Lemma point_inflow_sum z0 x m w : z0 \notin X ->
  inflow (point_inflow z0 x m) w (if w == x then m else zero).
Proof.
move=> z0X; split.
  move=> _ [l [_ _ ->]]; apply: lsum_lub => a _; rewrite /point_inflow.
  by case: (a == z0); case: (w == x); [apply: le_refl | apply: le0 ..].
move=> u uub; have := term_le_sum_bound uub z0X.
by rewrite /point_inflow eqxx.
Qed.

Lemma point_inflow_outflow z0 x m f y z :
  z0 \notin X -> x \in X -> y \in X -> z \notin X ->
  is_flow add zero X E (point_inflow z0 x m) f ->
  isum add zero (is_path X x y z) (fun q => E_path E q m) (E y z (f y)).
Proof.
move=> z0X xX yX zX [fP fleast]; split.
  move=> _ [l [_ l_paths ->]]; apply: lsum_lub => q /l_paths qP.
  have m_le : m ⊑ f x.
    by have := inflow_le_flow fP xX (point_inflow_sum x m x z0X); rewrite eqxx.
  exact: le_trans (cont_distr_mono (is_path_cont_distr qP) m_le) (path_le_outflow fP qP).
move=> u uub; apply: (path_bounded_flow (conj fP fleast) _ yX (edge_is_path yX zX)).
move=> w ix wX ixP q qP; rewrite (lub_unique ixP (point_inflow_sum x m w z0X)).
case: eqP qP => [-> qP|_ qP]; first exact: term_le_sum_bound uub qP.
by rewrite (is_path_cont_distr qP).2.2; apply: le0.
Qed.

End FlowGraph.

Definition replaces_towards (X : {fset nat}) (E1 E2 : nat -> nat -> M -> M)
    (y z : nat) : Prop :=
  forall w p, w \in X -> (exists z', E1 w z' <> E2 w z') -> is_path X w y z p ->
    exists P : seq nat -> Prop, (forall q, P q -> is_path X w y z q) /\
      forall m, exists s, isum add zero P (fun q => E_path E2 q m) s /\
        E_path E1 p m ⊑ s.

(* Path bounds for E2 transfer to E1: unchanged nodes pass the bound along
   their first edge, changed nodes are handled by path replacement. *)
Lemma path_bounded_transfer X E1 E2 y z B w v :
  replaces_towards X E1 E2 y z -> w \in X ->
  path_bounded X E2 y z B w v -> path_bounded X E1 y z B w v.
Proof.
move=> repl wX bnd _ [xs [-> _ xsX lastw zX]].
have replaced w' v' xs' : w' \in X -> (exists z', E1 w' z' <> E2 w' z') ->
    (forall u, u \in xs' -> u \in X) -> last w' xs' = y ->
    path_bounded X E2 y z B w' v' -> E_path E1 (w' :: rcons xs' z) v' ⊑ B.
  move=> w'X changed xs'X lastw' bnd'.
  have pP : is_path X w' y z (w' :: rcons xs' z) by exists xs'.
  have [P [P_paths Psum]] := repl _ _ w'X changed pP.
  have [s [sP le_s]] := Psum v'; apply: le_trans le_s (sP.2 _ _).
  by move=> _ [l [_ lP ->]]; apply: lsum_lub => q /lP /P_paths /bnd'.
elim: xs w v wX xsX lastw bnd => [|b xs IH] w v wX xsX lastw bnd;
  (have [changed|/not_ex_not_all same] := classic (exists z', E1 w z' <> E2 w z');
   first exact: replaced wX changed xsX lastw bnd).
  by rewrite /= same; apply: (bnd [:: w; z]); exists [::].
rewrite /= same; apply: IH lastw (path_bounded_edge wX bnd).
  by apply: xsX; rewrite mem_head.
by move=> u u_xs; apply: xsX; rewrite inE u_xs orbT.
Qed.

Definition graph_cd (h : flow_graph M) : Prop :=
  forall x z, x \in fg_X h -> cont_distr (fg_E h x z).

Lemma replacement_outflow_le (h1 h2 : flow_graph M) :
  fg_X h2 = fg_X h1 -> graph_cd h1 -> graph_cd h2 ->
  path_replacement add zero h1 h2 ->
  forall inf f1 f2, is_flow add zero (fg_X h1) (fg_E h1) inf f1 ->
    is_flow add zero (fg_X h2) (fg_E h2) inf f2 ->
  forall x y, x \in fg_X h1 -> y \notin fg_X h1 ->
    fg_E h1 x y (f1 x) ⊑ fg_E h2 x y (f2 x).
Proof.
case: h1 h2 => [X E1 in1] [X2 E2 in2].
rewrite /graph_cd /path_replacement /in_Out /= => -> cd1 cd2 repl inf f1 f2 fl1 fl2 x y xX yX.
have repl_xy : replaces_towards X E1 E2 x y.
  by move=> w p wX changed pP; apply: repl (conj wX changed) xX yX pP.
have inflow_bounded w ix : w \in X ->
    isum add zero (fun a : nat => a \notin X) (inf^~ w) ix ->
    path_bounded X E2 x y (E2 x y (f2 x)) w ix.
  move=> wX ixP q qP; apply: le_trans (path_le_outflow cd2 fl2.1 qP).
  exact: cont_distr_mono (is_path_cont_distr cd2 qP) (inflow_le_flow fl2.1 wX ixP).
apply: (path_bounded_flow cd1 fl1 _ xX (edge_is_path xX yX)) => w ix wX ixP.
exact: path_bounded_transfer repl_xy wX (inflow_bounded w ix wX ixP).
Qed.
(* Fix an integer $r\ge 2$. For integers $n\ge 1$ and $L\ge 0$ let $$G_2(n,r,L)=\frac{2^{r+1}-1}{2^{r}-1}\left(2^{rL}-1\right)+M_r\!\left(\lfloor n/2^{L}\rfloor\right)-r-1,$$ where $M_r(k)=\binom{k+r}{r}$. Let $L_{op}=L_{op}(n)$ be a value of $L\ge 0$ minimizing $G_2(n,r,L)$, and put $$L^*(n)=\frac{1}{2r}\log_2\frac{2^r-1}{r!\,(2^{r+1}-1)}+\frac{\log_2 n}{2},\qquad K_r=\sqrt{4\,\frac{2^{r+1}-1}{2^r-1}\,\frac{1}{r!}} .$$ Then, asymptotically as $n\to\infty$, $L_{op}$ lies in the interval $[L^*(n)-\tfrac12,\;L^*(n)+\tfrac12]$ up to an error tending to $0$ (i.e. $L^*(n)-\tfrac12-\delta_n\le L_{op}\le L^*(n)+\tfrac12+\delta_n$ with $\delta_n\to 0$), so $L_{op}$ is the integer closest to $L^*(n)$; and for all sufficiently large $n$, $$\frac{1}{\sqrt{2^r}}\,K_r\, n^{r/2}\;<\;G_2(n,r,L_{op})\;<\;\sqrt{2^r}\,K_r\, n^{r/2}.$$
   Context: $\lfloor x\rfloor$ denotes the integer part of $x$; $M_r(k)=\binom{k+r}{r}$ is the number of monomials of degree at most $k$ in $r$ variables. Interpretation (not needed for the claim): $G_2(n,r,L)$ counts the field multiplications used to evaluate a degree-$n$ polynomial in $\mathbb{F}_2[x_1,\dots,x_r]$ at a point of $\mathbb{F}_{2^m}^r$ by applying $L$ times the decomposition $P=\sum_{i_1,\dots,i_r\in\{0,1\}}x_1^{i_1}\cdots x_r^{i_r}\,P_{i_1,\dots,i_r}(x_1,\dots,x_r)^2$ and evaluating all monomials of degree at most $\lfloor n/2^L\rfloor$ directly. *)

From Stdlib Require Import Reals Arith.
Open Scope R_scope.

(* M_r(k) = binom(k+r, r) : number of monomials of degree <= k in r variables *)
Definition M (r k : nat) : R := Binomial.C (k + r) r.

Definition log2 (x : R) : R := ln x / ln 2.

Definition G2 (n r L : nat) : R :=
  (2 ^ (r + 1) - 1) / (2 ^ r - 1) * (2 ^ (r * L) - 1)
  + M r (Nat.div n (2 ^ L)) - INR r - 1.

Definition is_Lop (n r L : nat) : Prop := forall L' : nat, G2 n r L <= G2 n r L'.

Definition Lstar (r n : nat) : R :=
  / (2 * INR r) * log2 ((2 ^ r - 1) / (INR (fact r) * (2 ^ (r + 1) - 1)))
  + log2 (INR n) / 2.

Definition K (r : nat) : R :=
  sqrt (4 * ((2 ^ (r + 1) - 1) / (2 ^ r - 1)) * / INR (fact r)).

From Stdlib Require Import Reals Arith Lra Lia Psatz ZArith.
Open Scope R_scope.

* * *

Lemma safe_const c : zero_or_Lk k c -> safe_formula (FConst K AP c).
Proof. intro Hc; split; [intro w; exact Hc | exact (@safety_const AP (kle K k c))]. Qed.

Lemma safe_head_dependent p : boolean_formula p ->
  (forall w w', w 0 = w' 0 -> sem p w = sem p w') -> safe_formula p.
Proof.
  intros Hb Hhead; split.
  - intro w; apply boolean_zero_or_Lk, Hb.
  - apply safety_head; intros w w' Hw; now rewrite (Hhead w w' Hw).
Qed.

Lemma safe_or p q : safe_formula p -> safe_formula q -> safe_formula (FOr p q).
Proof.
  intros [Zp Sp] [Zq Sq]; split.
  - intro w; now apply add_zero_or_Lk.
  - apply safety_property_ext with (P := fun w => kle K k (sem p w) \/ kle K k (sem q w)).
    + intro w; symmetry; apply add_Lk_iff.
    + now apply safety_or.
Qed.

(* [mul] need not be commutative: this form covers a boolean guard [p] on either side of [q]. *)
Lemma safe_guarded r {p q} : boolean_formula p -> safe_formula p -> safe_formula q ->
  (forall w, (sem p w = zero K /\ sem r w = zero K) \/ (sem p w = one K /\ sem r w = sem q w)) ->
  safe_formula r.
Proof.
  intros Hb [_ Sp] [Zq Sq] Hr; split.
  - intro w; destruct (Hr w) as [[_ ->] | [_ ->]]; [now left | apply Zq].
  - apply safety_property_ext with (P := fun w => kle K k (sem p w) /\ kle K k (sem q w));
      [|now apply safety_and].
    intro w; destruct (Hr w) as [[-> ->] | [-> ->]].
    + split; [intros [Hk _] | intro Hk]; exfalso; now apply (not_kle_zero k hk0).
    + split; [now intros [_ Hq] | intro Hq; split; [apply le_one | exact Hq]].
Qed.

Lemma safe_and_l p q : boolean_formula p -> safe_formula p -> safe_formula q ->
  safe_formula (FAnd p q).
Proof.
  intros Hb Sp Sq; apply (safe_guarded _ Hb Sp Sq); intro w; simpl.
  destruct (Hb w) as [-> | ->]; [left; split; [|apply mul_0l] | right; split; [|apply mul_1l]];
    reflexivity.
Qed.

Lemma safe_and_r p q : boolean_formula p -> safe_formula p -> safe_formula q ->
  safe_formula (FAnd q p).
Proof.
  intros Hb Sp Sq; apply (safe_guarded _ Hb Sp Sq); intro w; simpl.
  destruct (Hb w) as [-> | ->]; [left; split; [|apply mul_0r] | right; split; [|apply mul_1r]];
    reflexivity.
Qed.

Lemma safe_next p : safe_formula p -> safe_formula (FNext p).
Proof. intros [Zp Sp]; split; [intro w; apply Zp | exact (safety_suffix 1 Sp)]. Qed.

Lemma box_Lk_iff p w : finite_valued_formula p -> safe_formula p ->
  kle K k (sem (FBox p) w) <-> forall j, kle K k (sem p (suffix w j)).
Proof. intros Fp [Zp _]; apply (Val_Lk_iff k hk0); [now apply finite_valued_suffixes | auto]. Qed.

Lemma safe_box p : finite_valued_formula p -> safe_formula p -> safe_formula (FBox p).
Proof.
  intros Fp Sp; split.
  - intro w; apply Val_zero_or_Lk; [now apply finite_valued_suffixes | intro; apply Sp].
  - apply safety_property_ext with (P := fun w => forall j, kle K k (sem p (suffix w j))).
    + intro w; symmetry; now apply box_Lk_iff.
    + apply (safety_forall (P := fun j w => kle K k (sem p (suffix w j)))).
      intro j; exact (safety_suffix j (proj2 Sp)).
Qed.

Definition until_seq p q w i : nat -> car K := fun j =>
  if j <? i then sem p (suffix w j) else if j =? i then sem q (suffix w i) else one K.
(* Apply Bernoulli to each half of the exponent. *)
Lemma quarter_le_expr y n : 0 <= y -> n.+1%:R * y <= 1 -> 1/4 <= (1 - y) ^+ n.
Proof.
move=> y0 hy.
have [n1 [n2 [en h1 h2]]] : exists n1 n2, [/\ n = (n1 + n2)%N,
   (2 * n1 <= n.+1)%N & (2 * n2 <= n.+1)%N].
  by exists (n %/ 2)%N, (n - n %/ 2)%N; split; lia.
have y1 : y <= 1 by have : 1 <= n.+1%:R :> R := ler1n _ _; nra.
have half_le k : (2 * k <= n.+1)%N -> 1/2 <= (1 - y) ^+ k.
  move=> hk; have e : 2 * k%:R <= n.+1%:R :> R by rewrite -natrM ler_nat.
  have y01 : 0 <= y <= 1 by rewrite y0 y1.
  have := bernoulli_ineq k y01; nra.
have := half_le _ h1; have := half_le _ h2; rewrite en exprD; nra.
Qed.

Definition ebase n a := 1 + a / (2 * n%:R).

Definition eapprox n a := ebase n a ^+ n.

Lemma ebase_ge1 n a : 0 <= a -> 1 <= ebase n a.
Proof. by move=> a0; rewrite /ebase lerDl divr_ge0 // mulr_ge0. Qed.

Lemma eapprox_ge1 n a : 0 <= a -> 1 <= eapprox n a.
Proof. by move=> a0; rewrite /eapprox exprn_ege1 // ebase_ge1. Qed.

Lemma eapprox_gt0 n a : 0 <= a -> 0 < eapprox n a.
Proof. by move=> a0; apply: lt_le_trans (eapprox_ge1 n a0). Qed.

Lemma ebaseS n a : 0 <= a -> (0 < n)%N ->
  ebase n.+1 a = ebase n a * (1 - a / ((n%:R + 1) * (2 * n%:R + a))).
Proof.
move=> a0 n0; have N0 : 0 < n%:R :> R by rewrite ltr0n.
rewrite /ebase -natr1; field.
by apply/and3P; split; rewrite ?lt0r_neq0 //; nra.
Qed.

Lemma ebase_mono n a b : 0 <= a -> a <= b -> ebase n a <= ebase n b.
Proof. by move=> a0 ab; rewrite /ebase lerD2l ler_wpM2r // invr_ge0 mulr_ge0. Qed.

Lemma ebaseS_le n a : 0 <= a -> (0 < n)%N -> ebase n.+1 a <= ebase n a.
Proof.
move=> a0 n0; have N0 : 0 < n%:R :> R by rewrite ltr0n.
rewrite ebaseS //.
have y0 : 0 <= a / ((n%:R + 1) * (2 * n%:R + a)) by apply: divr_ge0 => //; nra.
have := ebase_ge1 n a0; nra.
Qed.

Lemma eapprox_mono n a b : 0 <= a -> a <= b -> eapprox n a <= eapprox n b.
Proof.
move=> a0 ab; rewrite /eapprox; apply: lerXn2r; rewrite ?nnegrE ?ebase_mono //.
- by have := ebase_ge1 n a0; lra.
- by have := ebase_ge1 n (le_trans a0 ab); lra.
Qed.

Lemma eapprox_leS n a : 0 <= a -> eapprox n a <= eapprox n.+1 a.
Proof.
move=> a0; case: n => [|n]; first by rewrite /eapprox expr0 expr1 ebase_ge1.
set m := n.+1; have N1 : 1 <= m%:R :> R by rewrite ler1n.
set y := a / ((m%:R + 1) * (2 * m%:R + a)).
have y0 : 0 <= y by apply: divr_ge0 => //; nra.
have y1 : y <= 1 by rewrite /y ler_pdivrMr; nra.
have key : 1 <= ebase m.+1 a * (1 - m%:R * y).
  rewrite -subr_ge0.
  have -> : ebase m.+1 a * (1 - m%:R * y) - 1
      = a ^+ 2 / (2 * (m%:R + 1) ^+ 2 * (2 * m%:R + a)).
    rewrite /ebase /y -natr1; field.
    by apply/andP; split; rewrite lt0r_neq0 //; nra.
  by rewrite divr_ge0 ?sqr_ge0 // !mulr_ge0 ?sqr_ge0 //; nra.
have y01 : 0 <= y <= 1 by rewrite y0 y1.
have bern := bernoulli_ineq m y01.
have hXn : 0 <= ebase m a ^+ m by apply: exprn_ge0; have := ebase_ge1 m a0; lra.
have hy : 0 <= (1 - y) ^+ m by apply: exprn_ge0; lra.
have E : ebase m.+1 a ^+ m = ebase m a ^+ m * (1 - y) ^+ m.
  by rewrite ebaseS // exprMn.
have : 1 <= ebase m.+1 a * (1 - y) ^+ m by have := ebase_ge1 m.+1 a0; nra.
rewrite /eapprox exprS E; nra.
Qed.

* * *

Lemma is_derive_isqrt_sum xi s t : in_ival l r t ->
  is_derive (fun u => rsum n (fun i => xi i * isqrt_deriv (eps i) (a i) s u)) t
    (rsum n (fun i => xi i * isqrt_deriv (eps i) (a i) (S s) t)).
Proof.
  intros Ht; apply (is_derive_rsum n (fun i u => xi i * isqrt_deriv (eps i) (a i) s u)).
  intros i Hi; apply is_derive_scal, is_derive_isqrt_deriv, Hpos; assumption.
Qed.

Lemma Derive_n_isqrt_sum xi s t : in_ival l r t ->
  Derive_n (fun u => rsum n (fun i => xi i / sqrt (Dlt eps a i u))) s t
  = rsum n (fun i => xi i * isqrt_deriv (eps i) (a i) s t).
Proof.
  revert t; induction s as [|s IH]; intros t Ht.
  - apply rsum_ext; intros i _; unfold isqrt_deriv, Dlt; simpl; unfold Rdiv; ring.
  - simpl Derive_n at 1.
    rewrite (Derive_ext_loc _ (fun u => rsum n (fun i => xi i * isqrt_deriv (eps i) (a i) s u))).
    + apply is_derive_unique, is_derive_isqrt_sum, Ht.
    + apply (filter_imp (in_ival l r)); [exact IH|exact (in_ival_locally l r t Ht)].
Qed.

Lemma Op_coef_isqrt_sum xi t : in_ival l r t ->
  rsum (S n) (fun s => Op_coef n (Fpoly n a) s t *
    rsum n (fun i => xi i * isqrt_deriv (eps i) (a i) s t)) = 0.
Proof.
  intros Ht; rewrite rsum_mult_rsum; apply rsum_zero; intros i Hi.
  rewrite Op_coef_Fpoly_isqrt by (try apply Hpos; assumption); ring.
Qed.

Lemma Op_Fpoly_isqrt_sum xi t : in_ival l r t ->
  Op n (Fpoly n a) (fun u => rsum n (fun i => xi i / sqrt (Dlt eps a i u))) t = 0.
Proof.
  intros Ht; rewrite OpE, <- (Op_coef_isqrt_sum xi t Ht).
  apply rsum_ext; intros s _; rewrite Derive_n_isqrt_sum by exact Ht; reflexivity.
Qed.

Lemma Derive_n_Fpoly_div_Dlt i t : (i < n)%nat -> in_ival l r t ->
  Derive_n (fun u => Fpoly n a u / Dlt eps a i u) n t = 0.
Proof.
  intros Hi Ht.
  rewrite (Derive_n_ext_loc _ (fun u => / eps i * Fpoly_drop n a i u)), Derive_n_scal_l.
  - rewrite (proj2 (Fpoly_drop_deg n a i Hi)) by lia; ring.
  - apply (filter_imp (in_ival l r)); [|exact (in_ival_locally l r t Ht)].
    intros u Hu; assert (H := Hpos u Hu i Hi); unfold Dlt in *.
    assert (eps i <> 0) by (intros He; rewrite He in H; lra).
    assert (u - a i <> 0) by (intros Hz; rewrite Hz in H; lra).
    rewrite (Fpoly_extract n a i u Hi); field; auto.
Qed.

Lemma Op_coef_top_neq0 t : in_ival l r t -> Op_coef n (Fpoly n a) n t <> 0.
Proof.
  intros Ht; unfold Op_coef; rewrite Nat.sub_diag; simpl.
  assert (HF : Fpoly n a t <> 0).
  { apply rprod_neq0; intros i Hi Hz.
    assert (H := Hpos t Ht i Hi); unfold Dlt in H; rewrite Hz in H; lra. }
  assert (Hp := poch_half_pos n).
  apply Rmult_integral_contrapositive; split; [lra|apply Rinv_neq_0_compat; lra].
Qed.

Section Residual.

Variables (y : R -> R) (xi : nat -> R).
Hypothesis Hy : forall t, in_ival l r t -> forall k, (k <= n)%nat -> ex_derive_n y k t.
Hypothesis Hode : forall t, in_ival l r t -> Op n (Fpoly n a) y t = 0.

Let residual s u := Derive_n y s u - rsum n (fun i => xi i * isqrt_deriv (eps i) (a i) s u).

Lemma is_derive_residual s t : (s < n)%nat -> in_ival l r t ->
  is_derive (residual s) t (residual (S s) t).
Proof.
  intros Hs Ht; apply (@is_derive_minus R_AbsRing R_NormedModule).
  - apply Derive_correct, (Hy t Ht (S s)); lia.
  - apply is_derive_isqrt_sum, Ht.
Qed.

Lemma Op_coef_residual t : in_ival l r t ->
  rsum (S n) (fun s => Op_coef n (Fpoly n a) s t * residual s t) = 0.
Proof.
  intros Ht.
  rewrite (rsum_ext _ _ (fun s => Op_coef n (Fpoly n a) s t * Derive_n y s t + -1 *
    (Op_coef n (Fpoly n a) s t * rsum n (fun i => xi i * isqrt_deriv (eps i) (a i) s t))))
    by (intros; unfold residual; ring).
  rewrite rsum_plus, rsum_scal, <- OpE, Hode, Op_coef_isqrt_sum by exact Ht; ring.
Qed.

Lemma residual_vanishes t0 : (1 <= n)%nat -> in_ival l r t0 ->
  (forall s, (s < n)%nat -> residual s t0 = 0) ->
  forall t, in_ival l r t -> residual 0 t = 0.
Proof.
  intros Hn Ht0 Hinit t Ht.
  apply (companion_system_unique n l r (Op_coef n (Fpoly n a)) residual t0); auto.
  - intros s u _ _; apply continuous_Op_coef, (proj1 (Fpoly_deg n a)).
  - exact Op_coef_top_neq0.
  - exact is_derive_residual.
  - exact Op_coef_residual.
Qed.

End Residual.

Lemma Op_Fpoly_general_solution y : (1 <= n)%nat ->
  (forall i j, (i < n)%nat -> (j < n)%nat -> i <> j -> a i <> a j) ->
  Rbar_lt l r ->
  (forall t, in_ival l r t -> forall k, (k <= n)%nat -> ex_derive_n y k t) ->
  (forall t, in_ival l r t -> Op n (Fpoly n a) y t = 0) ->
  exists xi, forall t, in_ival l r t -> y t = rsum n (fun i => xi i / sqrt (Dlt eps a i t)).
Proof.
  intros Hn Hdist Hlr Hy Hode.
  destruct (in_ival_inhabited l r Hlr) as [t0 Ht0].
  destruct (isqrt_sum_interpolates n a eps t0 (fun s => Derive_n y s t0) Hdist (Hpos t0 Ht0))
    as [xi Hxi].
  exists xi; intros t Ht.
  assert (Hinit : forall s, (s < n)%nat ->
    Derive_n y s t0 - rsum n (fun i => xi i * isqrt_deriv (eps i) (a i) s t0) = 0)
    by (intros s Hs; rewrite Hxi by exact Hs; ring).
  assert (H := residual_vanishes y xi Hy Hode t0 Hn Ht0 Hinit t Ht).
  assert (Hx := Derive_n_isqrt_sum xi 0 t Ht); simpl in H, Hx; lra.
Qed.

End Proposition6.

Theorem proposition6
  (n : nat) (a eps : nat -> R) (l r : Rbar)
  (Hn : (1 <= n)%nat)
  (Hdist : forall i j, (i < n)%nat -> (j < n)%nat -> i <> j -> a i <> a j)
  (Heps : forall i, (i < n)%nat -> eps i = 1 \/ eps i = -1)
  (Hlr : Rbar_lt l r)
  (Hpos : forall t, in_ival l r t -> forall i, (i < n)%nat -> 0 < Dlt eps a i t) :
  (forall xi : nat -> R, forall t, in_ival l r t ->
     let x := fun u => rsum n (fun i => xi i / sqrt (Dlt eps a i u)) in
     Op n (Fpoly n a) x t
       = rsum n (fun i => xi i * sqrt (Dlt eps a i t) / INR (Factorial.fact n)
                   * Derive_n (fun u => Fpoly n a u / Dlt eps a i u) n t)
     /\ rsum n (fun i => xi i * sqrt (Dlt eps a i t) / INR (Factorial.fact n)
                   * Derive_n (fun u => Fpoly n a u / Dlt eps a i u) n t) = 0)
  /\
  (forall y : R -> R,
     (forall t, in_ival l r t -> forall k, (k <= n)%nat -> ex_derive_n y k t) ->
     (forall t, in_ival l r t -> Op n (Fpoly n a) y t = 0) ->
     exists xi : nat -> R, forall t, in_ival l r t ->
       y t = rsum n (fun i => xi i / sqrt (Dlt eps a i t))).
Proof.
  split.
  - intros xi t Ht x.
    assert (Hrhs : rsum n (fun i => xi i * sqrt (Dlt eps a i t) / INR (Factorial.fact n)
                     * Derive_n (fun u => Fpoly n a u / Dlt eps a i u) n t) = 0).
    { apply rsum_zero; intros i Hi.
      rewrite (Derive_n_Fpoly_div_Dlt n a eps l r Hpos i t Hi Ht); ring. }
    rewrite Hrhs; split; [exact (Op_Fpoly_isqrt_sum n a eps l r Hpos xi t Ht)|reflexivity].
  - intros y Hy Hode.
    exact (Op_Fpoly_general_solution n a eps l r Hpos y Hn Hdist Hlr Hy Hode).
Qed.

* * *

## About this task
Reproduce verbatim only the segment of the listing bounded by the line containing "Lemma Op_coef_isqrt_sum xi" and the line containing "intros u Hu;", with both boundary lines included.

## Exercise output
Lemma Op_coef_isqrt_sum xi t : in_ival l r t ->
  rsum (S n) (fun s => Op_coef n (Fpoly n a) s t *
    rsum n (fun i => xi i * isqrt_deriv (eps i) (a i) s t)) = 0.
Proof.
  intros Ht; rewrite rsum_mult_rsum; apply rsum_zero; intros i Hi.
  rewrite Op_coef_Fpoly_isqrt by (try apply Hpos; assumption); ring.
Qed.

Lemma Op_Fpoly_isqrt_sum xi t : in_ival l r t ->
  Op n (Fpoly n a) (fun u => rsum n (fun i => xi i / sqrt (Dlt eps a i u))) t = 0.
Proof.
  intros Ht; rewrite OpE, <- (Op_coef_isqrt_sum xi t Ht).
  apply rsum_ext; intros s _; rewrite Derive_n_isqrt_sum by exact Ht; reflexivity.
Qed.

Lemma Derive_n_Fpoly_div_Dlt i t : (i < n)%nat -> in_ival l r t ->
  Derive_n (fun u => Fpoly n a u / Dlt eps a i u) n t = 0.
Proof.
  intros Hi Ht.
  rewrite (Derive_n_ext_loc _ (fun u => / eps i * Fpoly_drop n a i u)), Derive_n_scal_l.
  - rewrite (proj2 (Fpoly_drop_deg n a i Hi)) by lia; ring.
  - apply (filter_imp (in_ival l r)); [|exact (in_ival_locally l r t Ht)].
    intros u Hu; assert (H := Hpos u Hu i Hi); unfold Dlt in *.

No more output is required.